Q-learning can assist in medical decision-making, such as optimizing treatment plans or improving diagnostic accuracy based on patient data.

  • Example A Q-learning agent can learn to suggest optimal treatment strategies for chronic conditions like diabetes by observing patient responses to different treatments over time.
  • Real-World Use In personalized medicine, Q-learning has been used to develop treatment policies that adapt based on patient-specific responses to therapies.

7. Energy Management

Q-learning can be applied in optimizing energy consumption in smart grids or buildings by learning the best actions to minimize energy usage or costs.

  • Example Q-learning can optimize the scheduling of devices and control heating, ventilation, and air conditioning (HVAC) systems to minimize energy consumption in smart homes.
  • Real-World Use Q-learning has been used to reduce energy costs in building management systems by optimizing the operation of electrical appliances based on time-of-use pricing.

8. Industrial Process Control

Q-learning is applied in controlling industrial processes, such as manufacturing or chemical processes, where agents learn optimal control policies to improve efficiency and reduce waste.

  • Example In a chemical plant, Q-learning can be used to control valves and temperatures to optimize production quality while minimizing energy usage.
  • Real-World Use Q-learning has been implemented in smart manufacturing processes to optimize production lines, reduce defects, and improve resource efficiency.

9. Personalized Recommendations

Q-learning can be applied in recommender systems to personalize suggestions based on user behavior and feedback.

  • Example A Q-learning-based recommender system can learn to suggest products, movies, or content based on a user’s preferences and interaction history.
  • Real-World Use Companies like Netflix and Amazon have explored reinforcement learning techniques, including Q-learning, for recommendation engines to improve customer engagement and satisfaction.

10. Multi-Agent Systems

In multi-agent environments, Q-learning can be extended to handle scenarios where multiple agents learn to cooperate or compete with each other.

  • Example In a multi-agent game like soccer, Q-learning can be used to train agents to coordinate passes, defense, and attacks to maximize team performance.
  • Real-World Use Q-learning has been used in simulations for cooperative robotics, swarm intelligence, and competitive games where multiple agents interact with the environment and each other.

11. Internet of Things (IoT)

Q-learning can be applied in IoT environments to optimize device operations, such as reducing energy consumption or improving network communication.
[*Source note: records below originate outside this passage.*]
Lemma pint_congp k r s : congp 0 r s -> pint k r -> pint k s.
Proof.
rewrite /congp expr0 divr1 => rs r_k.
have -> : s = r - (r - s) by ring.
by apply: pintD r_k (pintN (pint_int k rs)).
Qed.

Lemma congpMl n k t a b : pint k t -> congp (n + k) a b -> congp n (t * a) (t * b).
Proof.
rewrite /pint /congp => t_k ab.
have -> : (t * a - t * b) / P ^+ n = P ^+ k * t * ((a - b) / P ^+ (n + k)).
  by rewrite exprD; field; rewrite !expP_neq0.
exact: rpredM.
Qed.

Lemma congpM n k l x x' y y' : pint k x -> pint l y' ->
  congp (n + l) x x' -> congp (n + k) y y' -> congp n (x * y) (x' * y').
Proof.
move=> x_k y'_l xx' yy'; apply: congp_trans (congpMl x_k yy') _.
by rewrite ![_ * y']mulrC; apply: congpMl y'_l xx'.
Qed.

Lemma rmod_bounds n r : 0 <= rmod r (P ^+ n) < P ^+ n.
Proof.
rewrite /rmod; have := floor_le (r / P ^+ n); have := floorD1_gt (r / P ^+ n).
rewrite intrD; set f := ((Num.floor _)%:~R : rat) => f_gt f_le.
have Pn_gt0 := expP_gt0 n; rewrite -[r in r - _](divfK (expP_neq0 n)).
set q := r / P ^+ n in f_gt f_le *; apply/andP; split; nra.
Qed.

Lemma rmod_congp n r : congp n (rmod r (P ^+ n)) r.
Proof.
rewrite /congp /rmod (_ : _ / _ = - (Num.floor (r / P ^+ n))%:~R).
  by rewrite rpredN intr_int.
by field; rewrite expP_neq0.
Qed.

Lemma rmod_uniq n z r : 0 <= z < P ^+ n -> congp n z r -> z = rmod r (P ^+ n).
Proof.
move=> z_bounds zr; apply: congp_uniq z_bounds (rmod_bounds n r) _.
exact: congp_trans zr (congp_sym (rmod_congp n r)).
Qed.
  • Example In a smart home, Q-learning agents can learn to control lights, appliances, and sensors to optimize user comfort and minimize energy costs.
  • Real-World Use In smart grid systems, Q-learning has been used to optimize the interaction between devices, such as power generation units and consumers, to balance supply and demand efficiently.

12. Recommendation Systems

Q-learning is used to develop recommendation systems that learn user preferences over time, adjusting recommendations based on feedback or observed behavior.
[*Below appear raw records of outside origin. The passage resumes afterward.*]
Lemma nodal_fibre1 : nodal_config (C := C) (4, -1) 15 (vec5 1 (-1) 1 (-1) 0).
Proof. rewrite -node1E; apply: (nodal_config_of_certificate node1_certificate); rewrite node1E; exact: A1_node1. Qed.
Lemma nodal_fibre2 : nodal_config (C := C) (2, -1) 10 (vec5 1 (-1) 0 0 0).
Proof. rewrite -node2E; apply: (nodal_config_of_certificate node2_certificate); rewrite node2E; exact: A1_node2. Qed.
Lemma nodal_fibre3 : nodal_config (C := C) (30, -7) 10 (vec5 2 2 2 (-3) (-3)).
Proof. rewrite -node3E; apply: (nodal_config_of_certificate node3_certificate); rewrite node3E; exact: A1_node3. Qed.
Lemma nodal_fibre4 : nodal_config (C := C) (20, -13) 5 (vec5 1 1 1 1 (-4)).
Proof. rewrite -node4E; apply: (nodal_config_of_certificate node4_certificate); rewrite node4E; exact: A1_node4. Qed.
End Nodes.

Section Pencil.
Variable C : numFieldType.
Implicit Types (x : 'I_5 -> C).

(* A constant vector in {s_1 = 0} is zero (characteristic 0). *)
Lemma constant_s1_eq0 x : constant5 x -> psum 1 x = 0 -> forall i, x i = 0.
Proof.
move=> const_x s1x i; rewrite (const_x i o0).
have : 5 * x o0 = 0 by rewrite -s1x psum5 /sum5 !expr1 !(const_x _ o0); ring.
by move/eqP; rewrite mulf_eq0 pnatr_eq0 => /eqP.
Qed.

(* X_(0:1) is the quadric s_1 = s_2 = 0 counted twice: its singular points
   are all the points of that quadric. *)
Lemma double_quadric_sing x : nonzero5 x -> psum 1 x = 0 -> (sing_pt (0, 1) x <-> psum 2 x = 0).
Proof.
have gradE i : grad (0, 1) x i = psum 2 x * x i by rewrite /grad psum2E /= mul0r add0r mul1r.
move=> nz_x s1x; split=> [/sing_ptE [_ _ const_x] | s2x].
- have [// | s2_nz] := eqVneq (psum 2 x) 0; exfalso.
  have const : constant5 x by move=> i j; apply: (mulfI s2_nz); rewrite -!gradE (const_x i j).
  by case: nz_x => i; rewrite (constant_s1_eq0 const s1x i) eqxx.
- by apply/sing_ptE; split=> // i j; rewrite !gradE s2x !mul0r.
Qed.

Lemma sing_pt_same_P1 t (A B : C) x :
  (A != 0) || (B != 0) -> same_P1 t A B -> sing_pt (A, B) x -> sing_pt t x.
Proof.
case: t => a b AB_nz; rewrite /same_P1 /= => same /sing_ptE [nz_x s1x const_x].
apply/sing_ptE; split=> //.
have form : B * a + - A * b = 0 by rewrite [B * a]mulrC same; ring.
have nz : (B != 0) || (- A != 0) by rewrite oppr_eq0 orbC.
have [r [Da Db]] := kernel_line form nz.
have scale i : grad (a, b) x i = - r * grad (A, B) x i by rewrite /grad Da Db /=; ring.
by move=> i j; rewrite !scale (const_x i j).
Qed.
End Pencil.

Lemma targets_snd : all (fun T : Z * Z => T.2 != 0) targets.
Proof. by []. Qed.

Section Fibres.
Variable C : numClosedFieldType.
Implicit Types (x : 'I_5 -> C) (t : C * C).

Lemma singular_fibres t :
  ((exists x, sing_pt t x) <->
   (same_P1 t 4 (-1) \/ same_P1 t 2 (-1) \/ same_P1 t 30 (-7) \/
    same_P1 t 20 (-13) \/ same_P1 t 0 1)).
Proof.
case: t => a b; split.
- case=> x sing_x; have [a0 | a_nz] := eqVneq a 0.
    by do 4 right; rewrite /same_P1 /= a0 mul0r mulr0.
  have [T] := sing_pt_params a_nz sing_x.
  rewrite !inE => /orP [/eqP-> | /orP [/eqP-> | /orP [/eqP-> | /orP [/eqP-> | /eqP->]]]] same;
    [left | right; left | do 2 right; left | do 3 right; left | do 4 right]; exact: same.
- have nodal_sing t p n (AB_nz : (t.1 != 0) || (t.2 != 0)) :
      nodal_config t n p -> same_P1 (a, b) t.1 t.2 -> exists x, sing_pt (a, b) x.
    by case: t AB_nz => A B AB_nz [_ [_ [_ sing_p]]] same; exists p; apply: sing_pt_same_P1 same sing_p.
  case=> [same | [same | [same | [same | same]]]].
  + by apply: (nodal_sing _ _ _ _ (nodal_fibre1 C)); rewrite ?pnatr_eq0.
  + by apply: (nodal_sing _ _ _ _ (nodal_fibre2 C)); rewrite ?pnatr_eq0.
  + by apply: (nodal_sing _ _ _ _ (nodal_fibre3 C)); rewrite ?pnatr_eq0.
  + by apply: (nodal_sing _ _ _ _ (nodal_fibre4 C)); rewrite ?pnatr_eq0.
  + pose q : 'I_5 -> C := vec5 1 'i (-1) (- 'i) 0.
    have s1q : psum 1 q = 0 by rewrite psum5 /sum5 /q /vec5 /=; ring.
    have s2q : psum 2 q = 0.
      by rewrite psum5 /sum5 /q /vec5 /= !sqrrN sqrCi; ring.
    exists q; apply: (sing_pt_same_P1 (A := 0) (B := 1)) same _; first by rewrite oner_eq0 orbT.
    by apply/double_quadric_sing => //; exists o0; rewrite /q /vec5 /= oner_eq0.
Qed.

Lemma total_space_sing x t : nonzero5 x -> t != (0, 0) ->
  (total_sing_pt x t <-> [/\ same_P1 t 0 1, psum 1 x = 0, psum 2 x = 0 & psum 4 x = 0]).
Proof.
case: t => a b nz_x nz_t; split.
- case=> _ [_ [s1x [_ crit]]].
  have s1_0 : psum 1 (fun _ : 'I_5 => 0 : C) = 0 by rewrite psum5 /sum5 !expr1 !addr0.
  have crit_0 u : u.1 * psum 4 x + u.2 * psum 2 x ^+ 2 = 0.
    by have := crit _ u s1_0; rewrite Gline_coef1 /dot /sum5 !mul0r !add0r mulr0 add0r.
  have s4x : psum 4 x = 0 by have := crit_0 (1, 0); rewrite /= mul1r mul0r addr0.
  have s2x : psum 2 x = 0.
    by have := crit_0 (0, 1); rewrite /= mul0r add0r mul1r => /eqP; rewrite expf_eq0 => /eqP.
  have const_x : constant5 (grad (a, b) x).
    apply/orth_hyperplaneP => v s1v; have := crit v (0, 0) s1v.
    by rewrite Gline_coef1 /= !mul0r !addr0 => /eqP; rewrite mulf_eq0 pnatr_eq0 => /eqP.
  split=> //; rewrite /same_P1 /= mulr1 mulr0; apply/eqP; apply: contraT => a_nz.
  have sing_a0 : sing_pt (a, 0) x.
    apply/sing_ptE; split=> // i j; move: (const_x i j).
    by rewrite /grad -psum2E s2x /= !(mulr0, mul0r, addr0).
  have [T T_target] := sing_pt_params a_nz sing_a0.
  rewrite mul0r => /eqP; rewrite mulf_eq0 (negbTE a_nz) /= zC_eq0.
  by move/allP: targets_snd => /(_ T T_target) /negbTE ->.
- rewrite /same_P1 /= mulr1 mulr0 => -[a0 s1x s2x s4x]; do 3 (split=> //).
  split; first by rewrite /Gform /= a0 s2x s4x !(mul0r, mulr0, add0r, expr0n).
  move=> v u _; rewrite Gline_coef1 /dot /grad -psum2E s2x s4x a0 /sum5 /=.
  by rewrite !(mul0r, mulr0, add0r, addr0, expr0n).
Qed.
End Fibres.

Unset Implicit Arguments.
Theorem proposition3p1 (C : numClosedFieldType) :
  (forall t : C * C, t != (0, 0) ->
     ((exists x, sing_pt t x) <->
      (same_P1 t 4 (-1) \/ same_P1 t 2 (-1) \/ same_P1 t 30 (-7) \/
       same_P1 t 20 (-13) \/ same_P1 t 0 1))) /\
  nodal_config (C := C) (4, -1) 15 (vec5 1 (-1) 1 (-1) 0) /\
  nodal_config (C := C) (2, -1) 10 (vec5 1 (-1) 0 0 0) /\
  nodal_config (C := C) (30, -7) 10 (vec5 2 2 2 (-3) (-3)) /\
  nodal_config (C := C) (20, -13) 5 (vec5 1 1 1 1 (-4)) /\
  (forall (R : comNzRingType) (x : 'I_5 -> R), Gform x (0, 1) = psum 2 x ^+ 2) /\
  (forall x : 'I_5 -> C, nonzero5 x -> psum 1 x = 0 ->
     (sing_pt (C := C) (0, 1) x <-> psum 2 x = 0)) /\
  (forall (x : 'I_5 -> C) (t : C * C), nonzero5 x -> t != (0, 0) ->
     (total_sing_pt x t <->
      [/\ same_P1 t 0 1, psum 1 x = 0, psum 2 x = 0 & psum 4 x = 0])).
Proof.
split; first by move=> t _; exact: singular_fibres.
split; first exact: nodal_fibre1.
split; first exact: nodal_fibre2.
split; first exact: nodal_fibre3.
split; first exact: nodal_fibre4.
split; first by move=> R x; rewrite /Gform /= mul0r add0r mul1r.
split; first exact: double_quadric_sing.
exact: total_space_sing.
Qed.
  • Example Online platforms use Q-learning to recommend content (e.g., movies, products, music) by learning user preferences and adjusting recommendations to maximize engagement.
  • Real-World Use Online streaming platforms like Netflix and e-commerce sites like Amazon use reinforcement learning techniques, including Q-learning, to improve the personalization of recommendations.

13. Supply Chain and Inventory Management

Q-learning can be applied to optimize inventory levels, reduce holding costs, and improve supply chain efficiency.
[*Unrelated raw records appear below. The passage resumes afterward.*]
(* Let $S$ be an $\mathcal{SOS}_q(n)$ with the property that, for any $n$-tuple $\mathbf{s}$, at most one of $\mathbf{s}$ and $-\mathbf{s}$ occurs in $S$ (as some $\mathbf{s}_n(i)$). Then $S$ and $-S=(-s_i)$ are s-disjoint.
   Context: For a periodic sequence $S=(s_i)$ over $\mathbb{Z}_q$ write $\mathbf{s}_n(i)=(s_i,\ldots,s_{i+n-1})$; for an $n$-tuple $\mathbf{u}=(u_0,\ldots,u_{n-1})$, $\mathbf{u}^R=(u_{n-1},\ldots,u_0)$ and $-\mathbf{u}=(-u_0,\ldots,-u_{n-1})$. A $q$-ary $n$-window sequence of period $m$ is a periodic sequence with $\mathbf{s}_n(i)=\mathbf{s}_n(j)\Rightarrow i\equiv j\pmod m$. An $\mathcal{SOS}_q(n)$ (special orientable sequence) is an $n$-window sequence with $\mathbf{s}_n(i)\neq\mathbf{s}_n(j)^R$ and $\mathbf{s}_n(i)\neq-\mathbf{s}_n(j)^R$ for all $i,j$. Two $n$-window sequences $S=(s_i)$, $T=(t_i)$ are s-disjoint if for all $i,j$: $\mathbf{s}_n(i)\neq\mathbf{t}_n(j)$, $\mathbf{s}_n(i)\neq\mathbf{t}_n(j)^R$, and $\mathbf{s}_n(i)\neq-\mathbf{t}_n(j)^R$. *)

From mathcomp Require Import all_boot all_algebra.
Set Implicit Arguments. Unset Strict Implicit. Unset Printing Implicit Defensive.
Import GRing.Theory.
Local Open Scope ring_scope.

(* Periodic sequences over Z_q are modelled as functions nat -> 'Z_q
   (with the hypothesis 1 < q in the theorem). *)

Definition window (q : nat) (s : nat -> 'Z_q) (n i : nat) : seq 'Z_q :=
  mkseq (fun k => s (i + k)%N) n.

Definition negt (q : nat) (u : seq 'Z_q) : seq 'Z_q := map (fun x => - x) u.

Definition negs (q : nat) (s : nat -> 'Z_q) : nat -> 'Z_q := fun i => - s i.

Definition periodic (q : nat) (s : nat -> 'Z_q) (m : nat) : Prop :=
  (0 < m)%N /\ forall i, s (i + m)%N = s i.

Definition n_window (q : nat) (s : nat -> 'Z_q) (n m : nat) : Prop :=
  periodic s m /\
  forall i j, window s n i = window s n j -> i = j %[mod m].

Definition SOS (q : nat) (s : nat -> 'Z_q) (n m : nat) : Prop :=
  n_window s n m /\
  forall i j, window s n i <> rev (window s n j) /\
              window s n i <> negt (rev (window s n j)).

Definition s_disjoint (q : nat) (s t : nat -> 'Z_q) (n m1 m2 : nat) : Prop :=
  n_window s n m1 /\ n_window t n m2 /\
  forall i j, [/\ window s n i <> window t n j,
                  window s n i <> rev (window t n j) &
                  window s n i <> negt (rev (window t n j))].

From mathcomp Require Import all_boot all_algebra.
Import GRing.Theory.

(* A window of S equal to a window of -S is
   a tuple occurring in S together with its negative, which is excluded; the
   other two s-disjointness conditions for -S are, after pulling the negation
   through the reversal, exactly the two orientability conditions of S. *)

Lemma negtK (q : nat) : involutive (@negt q).
Proof. exact: mapK opprK. Qed.

Lemma negt_rev (q : nat) (u : seq 'Z_q) : negt (rev u) = rev (negt u).
Proof. exact: map_rev. Qed.

Lemma window_negs (q : nat) (s : nat -> 'Z_q) (n i : nat) :
  window (negs s) n i = negt (window s n i).
Proof. by rewrite /window /negt /mkseq -map_comp. Qed.

Lemma periodic_negs (q : nat) (s : nat -> 'Z_q) (m : nat) :
  periodic s m -> periodic (negs s) m.
Proof. by case=> m_gt0 per; split=> // i; rewrite /negs per. Qed.

Lemma n_window_negs (q : nat) (s : nat -> 'Z_q) (n m : nat) :
  n_window s n m -> n_window (negs s) n m.
Proof.
case=> per inj; split=> [|i j]; first exact: periodic_negs.
by rewrite !window_negs => /(can_inj (@negtK q)); apply: inj.
Qed.

Theorem theorem3p5 (q n m : nat) (s : nat -> 'Z_q) :
  (1 < q)%N ->
  SOS s n m ->
  (forall u : seq 'Z_q, size u = n ->
     ~ ((exists i, window s n i = u) /\ (exists j, window s n j = negt u))) ->
  s_disjoint s (negs s) n m m.
Proof.
move=> _ [win orient] no_neg_pair.
split=> //; split; first exact: n_window_negs.
move=> i j; have [not_rev not_neg_rev] := orient i j.
rewrite window_negs -negt_rev negtK; split=> // eq_neg.
apply: (no_neg_pair (window s n i)); first by rewrite size_mkseq.
by split; [exists i | exists j; rewrite eq_neg negtK].
Qed.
  • Example A Q-learning agent can learn when to reorder stock to minimize holding and shortage costs in a retail system.
  • Real-World Use In logistics and supply chain management, Q-learning has been used to improve inventory control, demand forecasting, and distribution planning.

Conclusion

The Q-learning algorithm applied to the FrozenLake environment allows the agent to learn an optimal policy by interacting with the environment, updating its Q-table, and balancing exploration and exploitation. Over thousands of episodes, the agent refines its understanding of the environment, improving its performance in reaching the goal.